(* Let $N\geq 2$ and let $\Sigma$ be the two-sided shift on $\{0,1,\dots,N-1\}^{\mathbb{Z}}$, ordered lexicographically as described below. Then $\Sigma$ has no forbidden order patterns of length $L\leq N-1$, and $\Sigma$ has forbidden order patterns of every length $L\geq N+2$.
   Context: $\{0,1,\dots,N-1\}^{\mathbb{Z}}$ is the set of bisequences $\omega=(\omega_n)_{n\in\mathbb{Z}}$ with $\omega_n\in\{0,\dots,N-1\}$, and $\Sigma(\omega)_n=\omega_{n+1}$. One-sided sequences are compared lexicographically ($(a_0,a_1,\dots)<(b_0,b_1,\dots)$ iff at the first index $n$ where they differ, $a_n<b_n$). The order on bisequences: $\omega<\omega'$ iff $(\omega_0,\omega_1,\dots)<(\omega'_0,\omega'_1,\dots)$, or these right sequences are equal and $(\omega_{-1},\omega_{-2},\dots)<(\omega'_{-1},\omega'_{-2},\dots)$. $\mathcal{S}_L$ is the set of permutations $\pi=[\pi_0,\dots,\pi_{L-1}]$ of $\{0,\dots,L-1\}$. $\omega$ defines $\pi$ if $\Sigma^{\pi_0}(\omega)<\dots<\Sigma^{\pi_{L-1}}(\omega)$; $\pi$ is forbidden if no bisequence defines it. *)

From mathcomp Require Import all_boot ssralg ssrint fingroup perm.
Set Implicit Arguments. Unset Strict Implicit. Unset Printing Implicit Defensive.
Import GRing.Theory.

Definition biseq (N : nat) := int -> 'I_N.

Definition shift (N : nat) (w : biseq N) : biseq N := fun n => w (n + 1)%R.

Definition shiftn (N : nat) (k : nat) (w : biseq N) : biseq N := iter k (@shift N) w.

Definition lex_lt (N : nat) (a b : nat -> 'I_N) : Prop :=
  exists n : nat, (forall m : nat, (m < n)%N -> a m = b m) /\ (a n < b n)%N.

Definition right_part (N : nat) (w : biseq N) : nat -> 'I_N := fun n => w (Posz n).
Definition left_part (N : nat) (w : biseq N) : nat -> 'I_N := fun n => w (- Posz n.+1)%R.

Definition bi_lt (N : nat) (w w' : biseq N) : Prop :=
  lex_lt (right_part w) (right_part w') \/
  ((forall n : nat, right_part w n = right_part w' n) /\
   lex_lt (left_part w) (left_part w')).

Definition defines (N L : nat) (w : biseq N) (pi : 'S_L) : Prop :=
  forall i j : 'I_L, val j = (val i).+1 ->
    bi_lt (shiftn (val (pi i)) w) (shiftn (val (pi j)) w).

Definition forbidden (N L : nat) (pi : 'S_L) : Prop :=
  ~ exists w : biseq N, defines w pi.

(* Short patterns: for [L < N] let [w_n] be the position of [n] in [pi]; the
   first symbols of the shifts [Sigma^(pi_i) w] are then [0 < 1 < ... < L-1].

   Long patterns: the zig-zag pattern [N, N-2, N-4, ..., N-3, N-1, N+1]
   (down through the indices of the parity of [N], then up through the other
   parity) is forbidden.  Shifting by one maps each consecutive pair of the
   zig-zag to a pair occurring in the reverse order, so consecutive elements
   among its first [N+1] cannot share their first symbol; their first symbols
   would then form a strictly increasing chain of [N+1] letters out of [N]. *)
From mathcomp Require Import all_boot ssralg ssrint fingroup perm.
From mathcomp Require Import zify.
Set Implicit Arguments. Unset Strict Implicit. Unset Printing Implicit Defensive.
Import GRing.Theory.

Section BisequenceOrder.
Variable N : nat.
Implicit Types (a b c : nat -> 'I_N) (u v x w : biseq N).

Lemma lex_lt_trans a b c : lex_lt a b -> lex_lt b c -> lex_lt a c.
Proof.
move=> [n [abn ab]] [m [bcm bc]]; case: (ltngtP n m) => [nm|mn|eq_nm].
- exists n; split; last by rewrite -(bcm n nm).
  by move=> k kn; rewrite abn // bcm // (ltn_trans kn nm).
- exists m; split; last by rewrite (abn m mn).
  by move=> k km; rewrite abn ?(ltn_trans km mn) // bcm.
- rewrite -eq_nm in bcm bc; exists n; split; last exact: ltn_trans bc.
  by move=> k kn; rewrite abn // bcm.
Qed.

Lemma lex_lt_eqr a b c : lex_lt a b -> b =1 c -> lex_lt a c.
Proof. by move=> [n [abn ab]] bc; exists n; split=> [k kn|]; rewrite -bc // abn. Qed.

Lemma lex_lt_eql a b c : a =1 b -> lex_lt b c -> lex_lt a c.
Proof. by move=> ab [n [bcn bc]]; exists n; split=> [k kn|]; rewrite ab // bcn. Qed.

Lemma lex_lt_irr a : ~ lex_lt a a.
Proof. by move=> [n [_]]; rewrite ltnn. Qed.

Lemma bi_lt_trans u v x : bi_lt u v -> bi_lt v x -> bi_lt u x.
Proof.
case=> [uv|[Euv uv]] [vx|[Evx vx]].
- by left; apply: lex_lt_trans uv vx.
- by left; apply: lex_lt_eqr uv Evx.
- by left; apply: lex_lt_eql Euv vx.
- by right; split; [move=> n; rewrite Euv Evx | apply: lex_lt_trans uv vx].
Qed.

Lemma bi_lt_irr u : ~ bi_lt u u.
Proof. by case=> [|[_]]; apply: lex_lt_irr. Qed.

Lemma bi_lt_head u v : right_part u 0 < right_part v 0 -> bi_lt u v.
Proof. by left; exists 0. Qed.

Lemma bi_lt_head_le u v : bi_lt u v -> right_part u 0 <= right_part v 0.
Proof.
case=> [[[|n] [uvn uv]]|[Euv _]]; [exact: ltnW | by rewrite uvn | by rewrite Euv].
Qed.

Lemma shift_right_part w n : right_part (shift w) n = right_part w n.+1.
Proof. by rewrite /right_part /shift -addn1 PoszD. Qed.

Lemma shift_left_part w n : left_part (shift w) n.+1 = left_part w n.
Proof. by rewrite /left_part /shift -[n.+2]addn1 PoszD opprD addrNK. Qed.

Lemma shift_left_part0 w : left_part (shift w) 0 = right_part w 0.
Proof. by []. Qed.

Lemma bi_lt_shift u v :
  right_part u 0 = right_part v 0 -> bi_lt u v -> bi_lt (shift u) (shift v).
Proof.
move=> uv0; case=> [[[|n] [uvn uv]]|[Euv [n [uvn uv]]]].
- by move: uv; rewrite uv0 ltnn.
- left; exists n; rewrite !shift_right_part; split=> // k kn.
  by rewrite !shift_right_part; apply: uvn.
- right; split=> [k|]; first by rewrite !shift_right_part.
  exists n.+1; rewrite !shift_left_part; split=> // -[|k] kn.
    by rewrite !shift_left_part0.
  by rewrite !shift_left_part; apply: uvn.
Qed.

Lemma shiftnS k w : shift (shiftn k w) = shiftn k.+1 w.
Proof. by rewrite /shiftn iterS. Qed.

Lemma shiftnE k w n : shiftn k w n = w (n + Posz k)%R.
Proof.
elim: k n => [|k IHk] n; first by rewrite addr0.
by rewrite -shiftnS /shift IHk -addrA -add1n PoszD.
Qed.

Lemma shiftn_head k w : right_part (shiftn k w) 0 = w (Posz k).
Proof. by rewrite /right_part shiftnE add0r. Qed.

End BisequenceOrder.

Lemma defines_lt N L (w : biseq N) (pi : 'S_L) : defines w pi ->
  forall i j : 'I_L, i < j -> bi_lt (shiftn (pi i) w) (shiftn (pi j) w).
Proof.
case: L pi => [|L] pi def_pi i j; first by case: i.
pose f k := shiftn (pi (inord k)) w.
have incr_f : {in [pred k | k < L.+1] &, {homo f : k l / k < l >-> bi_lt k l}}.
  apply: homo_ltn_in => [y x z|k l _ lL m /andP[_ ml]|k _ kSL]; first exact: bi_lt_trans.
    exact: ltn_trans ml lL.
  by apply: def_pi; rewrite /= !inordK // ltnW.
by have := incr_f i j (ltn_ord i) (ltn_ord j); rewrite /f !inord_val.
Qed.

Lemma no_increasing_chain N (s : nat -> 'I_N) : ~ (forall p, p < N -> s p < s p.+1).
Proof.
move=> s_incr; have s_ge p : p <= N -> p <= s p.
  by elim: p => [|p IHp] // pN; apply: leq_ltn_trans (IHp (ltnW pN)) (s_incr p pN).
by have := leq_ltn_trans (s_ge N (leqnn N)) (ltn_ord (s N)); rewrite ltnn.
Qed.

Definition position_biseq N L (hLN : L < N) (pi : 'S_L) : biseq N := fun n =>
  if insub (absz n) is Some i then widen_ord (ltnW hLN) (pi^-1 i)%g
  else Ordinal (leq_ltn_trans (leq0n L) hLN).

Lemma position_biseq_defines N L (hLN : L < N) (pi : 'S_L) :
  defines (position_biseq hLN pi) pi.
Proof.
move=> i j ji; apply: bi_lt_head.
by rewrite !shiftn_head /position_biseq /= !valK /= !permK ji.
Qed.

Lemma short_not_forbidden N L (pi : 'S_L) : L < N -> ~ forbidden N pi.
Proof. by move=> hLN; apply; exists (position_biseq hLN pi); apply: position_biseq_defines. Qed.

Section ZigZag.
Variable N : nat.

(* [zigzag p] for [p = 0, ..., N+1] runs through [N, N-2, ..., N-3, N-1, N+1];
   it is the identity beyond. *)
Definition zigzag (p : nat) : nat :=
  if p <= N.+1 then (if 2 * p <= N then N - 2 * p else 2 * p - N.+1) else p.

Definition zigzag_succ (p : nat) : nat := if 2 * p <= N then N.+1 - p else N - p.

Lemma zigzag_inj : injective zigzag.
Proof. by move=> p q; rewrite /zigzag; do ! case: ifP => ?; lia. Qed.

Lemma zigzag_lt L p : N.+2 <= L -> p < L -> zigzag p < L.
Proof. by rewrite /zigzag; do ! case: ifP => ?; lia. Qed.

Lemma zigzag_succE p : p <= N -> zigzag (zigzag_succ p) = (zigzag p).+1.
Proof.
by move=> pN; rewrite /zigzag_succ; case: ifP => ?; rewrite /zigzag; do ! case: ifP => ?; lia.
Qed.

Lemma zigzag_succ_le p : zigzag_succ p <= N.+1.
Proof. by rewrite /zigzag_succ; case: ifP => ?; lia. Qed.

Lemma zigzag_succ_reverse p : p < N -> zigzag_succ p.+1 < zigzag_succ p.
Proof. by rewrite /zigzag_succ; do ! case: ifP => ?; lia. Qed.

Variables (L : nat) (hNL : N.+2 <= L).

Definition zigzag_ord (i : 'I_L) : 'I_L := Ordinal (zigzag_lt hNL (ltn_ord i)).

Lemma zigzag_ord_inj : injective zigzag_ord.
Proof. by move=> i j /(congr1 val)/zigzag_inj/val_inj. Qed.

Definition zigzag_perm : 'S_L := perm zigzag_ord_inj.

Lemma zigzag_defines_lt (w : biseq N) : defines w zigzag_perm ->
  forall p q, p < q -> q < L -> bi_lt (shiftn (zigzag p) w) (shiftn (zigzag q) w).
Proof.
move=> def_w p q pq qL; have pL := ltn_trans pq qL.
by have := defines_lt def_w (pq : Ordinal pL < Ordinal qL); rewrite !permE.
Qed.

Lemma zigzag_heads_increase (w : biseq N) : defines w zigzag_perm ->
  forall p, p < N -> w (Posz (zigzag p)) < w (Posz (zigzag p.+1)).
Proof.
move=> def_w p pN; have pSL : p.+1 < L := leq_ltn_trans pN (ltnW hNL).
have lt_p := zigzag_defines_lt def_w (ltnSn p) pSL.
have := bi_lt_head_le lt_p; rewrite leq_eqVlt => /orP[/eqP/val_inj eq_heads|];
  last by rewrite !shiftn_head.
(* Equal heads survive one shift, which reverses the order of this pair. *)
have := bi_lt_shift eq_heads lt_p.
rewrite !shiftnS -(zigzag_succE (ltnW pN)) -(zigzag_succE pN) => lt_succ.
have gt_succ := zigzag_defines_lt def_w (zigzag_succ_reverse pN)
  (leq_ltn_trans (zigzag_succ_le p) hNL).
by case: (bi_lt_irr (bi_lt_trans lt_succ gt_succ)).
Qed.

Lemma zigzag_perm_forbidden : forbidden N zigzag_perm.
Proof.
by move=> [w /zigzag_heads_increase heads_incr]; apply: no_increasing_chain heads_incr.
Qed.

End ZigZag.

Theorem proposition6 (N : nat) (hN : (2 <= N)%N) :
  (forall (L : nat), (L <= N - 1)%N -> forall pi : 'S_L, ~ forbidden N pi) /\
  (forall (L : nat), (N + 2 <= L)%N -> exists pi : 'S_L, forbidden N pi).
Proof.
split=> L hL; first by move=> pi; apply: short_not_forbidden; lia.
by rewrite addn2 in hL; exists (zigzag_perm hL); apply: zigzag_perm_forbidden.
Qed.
▬▬▬
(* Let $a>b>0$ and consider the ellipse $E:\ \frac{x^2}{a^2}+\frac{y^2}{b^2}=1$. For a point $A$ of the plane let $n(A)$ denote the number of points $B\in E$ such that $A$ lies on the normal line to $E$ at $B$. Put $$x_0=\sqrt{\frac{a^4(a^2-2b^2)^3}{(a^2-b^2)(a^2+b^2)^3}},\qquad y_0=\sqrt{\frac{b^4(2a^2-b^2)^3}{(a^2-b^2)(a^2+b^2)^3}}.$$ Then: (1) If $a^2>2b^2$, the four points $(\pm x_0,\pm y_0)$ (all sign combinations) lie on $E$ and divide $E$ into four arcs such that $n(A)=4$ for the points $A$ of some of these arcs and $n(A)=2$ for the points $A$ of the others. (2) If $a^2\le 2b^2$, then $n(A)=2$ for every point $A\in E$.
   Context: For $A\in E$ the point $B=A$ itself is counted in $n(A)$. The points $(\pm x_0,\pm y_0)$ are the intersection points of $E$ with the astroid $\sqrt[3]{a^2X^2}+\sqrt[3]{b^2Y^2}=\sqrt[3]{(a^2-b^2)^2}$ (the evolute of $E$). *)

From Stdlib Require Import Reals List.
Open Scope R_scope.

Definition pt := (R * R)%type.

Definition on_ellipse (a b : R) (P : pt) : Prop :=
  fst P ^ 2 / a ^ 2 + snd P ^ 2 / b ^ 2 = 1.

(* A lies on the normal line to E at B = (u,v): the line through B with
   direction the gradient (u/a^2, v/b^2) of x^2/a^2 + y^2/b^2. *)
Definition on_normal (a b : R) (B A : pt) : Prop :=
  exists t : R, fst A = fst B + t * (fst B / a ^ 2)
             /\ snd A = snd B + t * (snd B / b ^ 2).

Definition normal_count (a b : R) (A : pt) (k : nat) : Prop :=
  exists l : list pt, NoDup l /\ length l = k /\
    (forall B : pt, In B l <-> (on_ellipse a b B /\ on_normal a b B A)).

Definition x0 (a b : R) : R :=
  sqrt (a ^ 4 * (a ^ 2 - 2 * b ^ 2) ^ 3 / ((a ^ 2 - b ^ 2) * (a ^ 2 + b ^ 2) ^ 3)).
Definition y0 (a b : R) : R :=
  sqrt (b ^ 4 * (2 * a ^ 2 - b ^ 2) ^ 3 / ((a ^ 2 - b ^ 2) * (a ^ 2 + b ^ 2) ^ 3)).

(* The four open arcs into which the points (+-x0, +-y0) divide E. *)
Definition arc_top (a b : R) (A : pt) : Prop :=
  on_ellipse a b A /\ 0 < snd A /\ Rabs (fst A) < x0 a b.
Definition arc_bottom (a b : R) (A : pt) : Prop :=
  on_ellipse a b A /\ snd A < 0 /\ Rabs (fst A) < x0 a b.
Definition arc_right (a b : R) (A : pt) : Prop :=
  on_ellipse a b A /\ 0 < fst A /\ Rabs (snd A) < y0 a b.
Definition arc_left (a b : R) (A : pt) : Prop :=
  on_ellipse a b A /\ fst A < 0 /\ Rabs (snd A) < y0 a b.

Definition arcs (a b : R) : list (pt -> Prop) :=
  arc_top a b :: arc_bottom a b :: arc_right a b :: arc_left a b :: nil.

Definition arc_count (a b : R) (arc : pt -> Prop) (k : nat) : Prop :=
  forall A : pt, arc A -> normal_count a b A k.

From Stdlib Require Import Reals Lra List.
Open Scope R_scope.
▬▬▬
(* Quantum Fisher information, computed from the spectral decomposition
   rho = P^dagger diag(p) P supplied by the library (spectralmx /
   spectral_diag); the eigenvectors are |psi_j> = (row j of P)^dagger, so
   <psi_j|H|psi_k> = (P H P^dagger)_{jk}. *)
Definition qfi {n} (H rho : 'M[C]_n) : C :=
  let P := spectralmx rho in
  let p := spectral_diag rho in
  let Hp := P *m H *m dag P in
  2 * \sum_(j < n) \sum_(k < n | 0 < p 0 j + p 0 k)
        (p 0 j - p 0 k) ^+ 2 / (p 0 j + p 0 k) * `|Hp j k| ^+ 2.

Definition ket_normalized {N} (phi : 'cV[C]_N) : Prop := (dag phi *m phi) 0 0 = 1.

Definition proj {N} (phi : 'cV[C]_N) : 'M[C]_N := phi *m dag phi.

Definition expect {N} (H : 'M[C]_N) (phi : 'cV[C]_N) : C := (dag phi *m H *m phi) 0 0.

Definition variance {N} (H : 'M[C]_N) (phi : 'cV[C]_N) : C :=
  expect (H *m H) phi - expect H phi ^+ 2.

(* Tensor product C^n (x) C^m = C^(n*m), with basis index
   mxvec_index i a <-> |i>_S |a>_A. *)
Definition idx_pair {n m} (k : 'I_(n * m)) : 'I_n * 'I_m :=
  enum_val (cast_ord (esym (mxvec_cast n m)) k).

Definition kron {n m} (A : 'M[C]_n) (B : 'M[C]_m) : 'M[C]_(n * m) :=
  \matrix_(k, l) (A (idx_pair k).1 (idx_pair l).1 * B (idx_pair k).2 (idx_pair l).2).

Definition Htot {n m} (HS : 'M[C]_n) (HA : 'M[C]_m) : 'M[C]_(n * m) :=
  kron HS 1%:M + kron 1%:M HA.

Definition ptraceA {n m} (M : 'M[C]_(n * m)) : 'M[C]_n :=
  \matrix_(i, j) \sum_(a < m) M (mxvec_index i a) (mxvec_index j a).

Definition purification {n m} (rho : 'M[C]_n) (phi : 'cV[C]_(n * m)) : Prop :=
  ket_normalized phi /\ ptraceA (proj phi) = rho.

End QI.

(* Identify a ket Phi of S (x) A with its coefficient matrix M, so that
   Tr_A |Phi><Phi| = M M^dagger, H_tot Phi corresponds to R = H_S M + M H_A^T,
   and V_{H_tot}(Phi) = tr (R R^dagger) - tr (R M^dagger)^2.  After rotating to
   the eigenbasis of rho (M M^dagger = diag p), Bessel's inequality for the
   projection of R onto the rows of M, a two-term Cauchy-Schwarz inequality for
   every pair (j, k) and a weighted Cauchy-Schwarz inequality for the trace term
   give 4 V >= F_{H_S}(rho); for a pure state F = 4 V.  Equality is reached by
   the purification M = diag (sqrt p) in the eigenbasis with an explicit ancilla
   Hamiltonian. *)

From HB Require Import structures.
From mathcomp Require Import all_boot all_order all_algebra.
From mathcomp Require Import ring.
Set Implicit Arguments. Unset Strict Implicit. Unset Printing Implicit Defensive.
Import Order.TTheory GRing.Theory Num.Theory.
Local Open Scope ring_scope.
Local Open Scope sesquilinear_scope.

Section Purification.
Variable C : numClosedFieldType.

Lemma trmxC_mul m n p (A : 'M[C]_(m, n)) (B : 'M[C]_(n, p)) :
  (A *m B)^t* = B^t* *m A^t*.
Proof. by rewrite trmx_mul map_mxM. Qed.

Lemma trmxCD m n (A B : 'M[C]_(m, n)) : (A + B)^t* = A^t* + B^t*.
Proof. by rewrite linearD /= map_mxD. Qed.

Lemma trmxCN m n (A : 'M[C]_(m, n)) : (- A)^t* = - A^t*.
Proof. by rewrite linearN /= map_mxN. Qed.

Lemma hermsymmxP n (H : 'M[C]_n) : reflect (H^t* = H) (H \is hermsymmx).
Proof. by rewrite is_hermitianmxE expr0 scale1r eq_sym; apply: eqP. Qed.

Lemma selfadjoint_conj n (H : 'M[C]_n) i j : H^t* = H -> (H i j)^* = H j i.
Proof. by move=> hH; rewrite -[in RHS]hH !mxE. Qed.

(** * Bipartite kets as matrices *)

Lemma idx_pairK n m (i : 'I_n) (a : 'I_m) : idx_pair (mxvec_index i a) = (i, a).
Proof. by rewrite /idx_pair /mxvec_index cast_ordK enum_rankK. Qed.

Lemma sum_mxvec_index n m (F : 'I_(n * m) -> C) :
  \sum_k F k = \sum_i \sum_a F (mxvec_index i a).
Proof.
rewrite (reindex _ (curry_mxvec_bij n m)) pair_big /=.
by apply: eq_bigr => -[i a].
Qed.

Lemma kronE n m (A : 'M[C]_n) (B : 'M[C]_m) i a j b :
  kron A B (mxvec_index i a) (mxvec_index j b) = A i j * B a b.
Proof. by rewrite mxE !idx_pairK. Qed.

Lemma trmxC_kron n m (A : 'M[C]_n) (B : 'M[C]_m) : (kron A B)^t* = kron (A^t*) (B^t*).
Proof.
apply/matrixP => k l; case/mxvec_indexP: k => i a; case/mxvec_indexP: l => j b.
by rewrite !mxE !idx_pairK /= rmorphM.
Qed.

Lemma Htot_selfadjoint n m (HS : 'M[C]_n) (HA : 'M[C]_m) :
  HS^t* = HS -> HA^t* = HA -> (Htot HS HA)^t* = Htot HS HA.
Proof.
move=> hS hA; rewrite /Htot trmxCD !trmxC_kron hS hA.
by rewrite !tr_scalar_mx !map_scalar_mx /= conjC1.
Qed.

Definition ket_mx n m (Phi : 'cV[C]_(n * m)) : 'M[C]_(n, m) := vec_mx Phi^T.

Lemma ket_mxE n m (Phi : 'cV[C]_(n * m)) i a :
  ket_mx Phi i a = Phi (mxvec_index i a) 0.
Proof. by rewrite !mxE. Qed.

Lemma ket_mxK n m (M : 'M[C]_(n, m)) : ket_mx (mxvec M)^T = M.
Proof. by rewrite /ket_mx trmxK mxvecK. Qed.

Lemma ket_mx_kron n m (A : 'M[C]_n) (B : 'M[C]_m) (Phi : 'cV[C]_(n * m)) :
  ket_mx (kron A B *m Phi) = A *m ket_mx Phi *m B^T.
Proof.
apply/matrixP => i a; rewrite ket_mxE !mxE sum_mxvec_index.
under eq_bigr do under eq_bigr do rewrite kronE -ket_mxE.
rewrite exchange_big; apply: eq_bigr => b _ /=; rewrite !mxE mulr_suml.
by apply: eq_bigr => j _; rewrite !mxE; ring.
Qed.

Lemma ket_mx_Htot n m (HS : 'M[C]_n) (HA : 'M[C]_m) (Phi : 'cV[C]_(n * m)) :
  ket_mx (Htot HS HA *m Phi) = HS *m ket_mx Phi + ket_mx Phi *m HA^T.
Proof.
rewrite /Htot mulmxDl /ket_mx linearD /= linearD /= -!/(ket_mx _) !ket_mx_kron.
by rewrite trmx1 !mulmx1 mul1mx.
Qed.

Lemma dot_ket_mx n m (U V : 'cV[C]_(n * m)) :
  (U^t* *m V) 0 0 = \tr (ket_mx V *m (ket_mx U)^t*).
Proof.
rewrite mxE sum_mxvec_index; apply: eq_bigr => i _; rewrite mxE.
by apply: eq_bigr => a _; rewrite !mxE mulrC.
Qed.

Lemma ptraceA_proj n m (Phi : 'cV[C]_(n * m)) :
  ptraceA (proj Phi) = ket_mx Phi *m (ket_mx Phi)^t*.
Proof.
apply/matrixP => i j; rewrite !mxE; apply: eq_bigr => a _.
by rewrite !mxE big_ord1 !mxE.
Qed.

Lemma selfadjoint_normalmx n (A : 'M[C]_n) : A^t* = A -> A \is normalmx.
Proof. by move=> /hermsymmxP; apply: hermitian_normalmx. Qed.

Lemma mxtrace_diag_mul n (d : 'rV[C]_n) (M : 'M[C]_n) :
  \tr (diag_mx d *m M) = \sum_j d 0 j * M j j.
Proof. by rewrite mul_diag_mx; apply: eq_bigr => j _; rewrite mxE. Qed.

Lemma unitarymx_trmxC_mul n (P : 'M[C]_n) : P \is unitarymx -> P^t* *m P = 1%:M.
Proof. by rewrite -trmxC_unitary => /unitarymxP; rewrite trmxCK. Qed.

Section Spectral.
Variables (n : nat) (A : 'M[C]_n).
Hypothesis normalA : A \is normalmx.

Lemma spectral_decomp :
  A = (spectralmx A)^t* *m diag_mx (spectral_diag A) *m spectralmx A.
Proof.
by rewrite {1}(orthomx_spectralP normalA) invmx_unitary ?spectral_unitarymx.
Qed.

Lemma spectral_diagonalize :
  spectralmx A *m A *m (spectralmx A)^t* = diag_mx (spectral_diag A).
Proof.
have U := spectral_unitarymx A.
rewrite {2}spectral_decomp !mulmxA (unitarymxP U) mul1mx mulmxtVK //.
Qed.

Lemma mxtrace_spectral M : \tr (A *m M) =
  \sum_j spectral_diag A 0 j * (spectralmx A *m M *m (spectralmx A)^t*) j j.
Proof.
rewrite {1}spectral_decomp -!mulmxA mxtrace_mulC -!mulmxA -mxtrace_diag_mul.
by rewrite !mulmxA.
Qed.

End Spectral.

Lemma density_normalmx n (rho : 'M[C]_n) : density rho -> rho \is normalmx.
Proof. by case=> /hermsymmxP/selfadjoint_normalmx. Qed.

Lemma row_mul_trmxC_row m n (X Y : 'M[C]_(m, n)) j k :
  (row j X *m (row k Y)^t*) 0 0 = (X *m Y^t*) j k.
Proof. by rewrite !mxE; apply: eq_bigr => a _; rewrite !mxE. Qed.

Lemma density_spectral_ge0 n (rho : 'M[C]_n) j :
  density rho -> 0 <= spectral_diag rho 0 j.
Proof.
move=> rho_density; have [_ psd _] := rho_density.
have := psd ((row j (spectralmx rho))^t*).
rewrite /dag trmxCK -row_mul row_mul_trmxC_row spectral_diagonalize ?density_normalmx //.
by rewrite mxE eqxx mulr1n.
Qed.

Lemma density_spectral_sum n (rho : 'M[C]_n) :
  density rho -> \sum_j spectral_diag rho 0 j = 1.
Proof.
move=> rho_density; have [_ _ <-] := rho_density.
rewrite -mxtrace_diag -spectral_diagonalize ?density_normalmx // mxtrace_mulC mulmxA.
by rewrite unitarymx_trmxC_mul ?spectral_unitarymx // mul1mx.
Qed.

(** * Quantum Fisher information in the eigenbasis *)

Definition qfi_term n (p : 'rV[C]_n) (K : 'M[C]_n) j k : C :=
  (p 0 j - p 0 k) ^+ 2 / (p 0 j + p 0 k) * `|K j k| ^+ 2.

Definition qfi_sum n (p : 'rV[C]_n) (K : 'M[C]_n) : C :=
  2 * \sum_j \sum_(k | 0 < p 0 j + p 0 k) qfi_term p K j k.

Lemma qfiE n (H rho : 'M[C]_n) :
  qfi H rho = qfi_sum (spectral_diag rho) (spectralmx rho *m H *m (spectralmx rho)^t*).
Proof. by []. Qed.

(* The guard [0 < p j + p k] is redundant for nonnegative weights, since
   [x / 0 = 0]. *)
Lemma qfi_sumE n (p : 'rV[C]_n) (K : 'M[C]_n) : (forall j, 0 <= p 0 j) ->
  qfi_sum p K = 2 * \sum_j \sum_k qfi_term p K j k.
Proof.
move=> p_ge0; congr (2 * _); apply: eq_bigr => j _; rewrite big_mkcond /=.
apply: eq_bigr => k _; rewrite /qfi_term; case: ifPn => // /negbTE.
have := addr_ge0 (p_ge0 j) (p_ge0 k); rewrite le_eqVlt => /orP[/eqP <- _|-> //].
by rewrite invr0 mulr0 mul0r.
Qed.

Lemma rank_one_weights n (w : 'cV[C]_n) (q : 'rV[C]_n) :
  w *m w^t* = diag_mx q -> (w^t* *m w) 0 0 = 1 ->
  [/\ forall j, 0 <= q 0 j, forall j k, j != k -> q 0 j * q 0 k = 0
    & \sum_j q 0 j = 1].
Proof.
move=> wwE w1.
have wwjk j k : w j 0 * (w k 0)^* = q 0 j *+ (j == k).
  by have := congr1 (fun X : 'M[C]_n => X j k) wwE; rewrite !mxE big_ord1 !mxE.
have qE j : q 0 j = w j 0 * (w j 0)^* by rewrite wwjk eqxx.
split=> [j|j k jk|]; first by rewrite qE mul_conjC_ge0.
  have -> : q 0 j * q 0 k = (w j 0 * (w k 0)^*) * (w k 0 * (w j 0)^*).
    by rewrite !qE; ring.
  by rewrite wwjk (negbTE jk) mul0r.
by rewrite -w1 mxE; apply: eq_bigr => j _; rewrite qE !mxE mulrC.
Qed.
▬▬▬
Your task |
Using the records above, count the lines that hold the string "kronE", and give back only the result.

Task answer |
2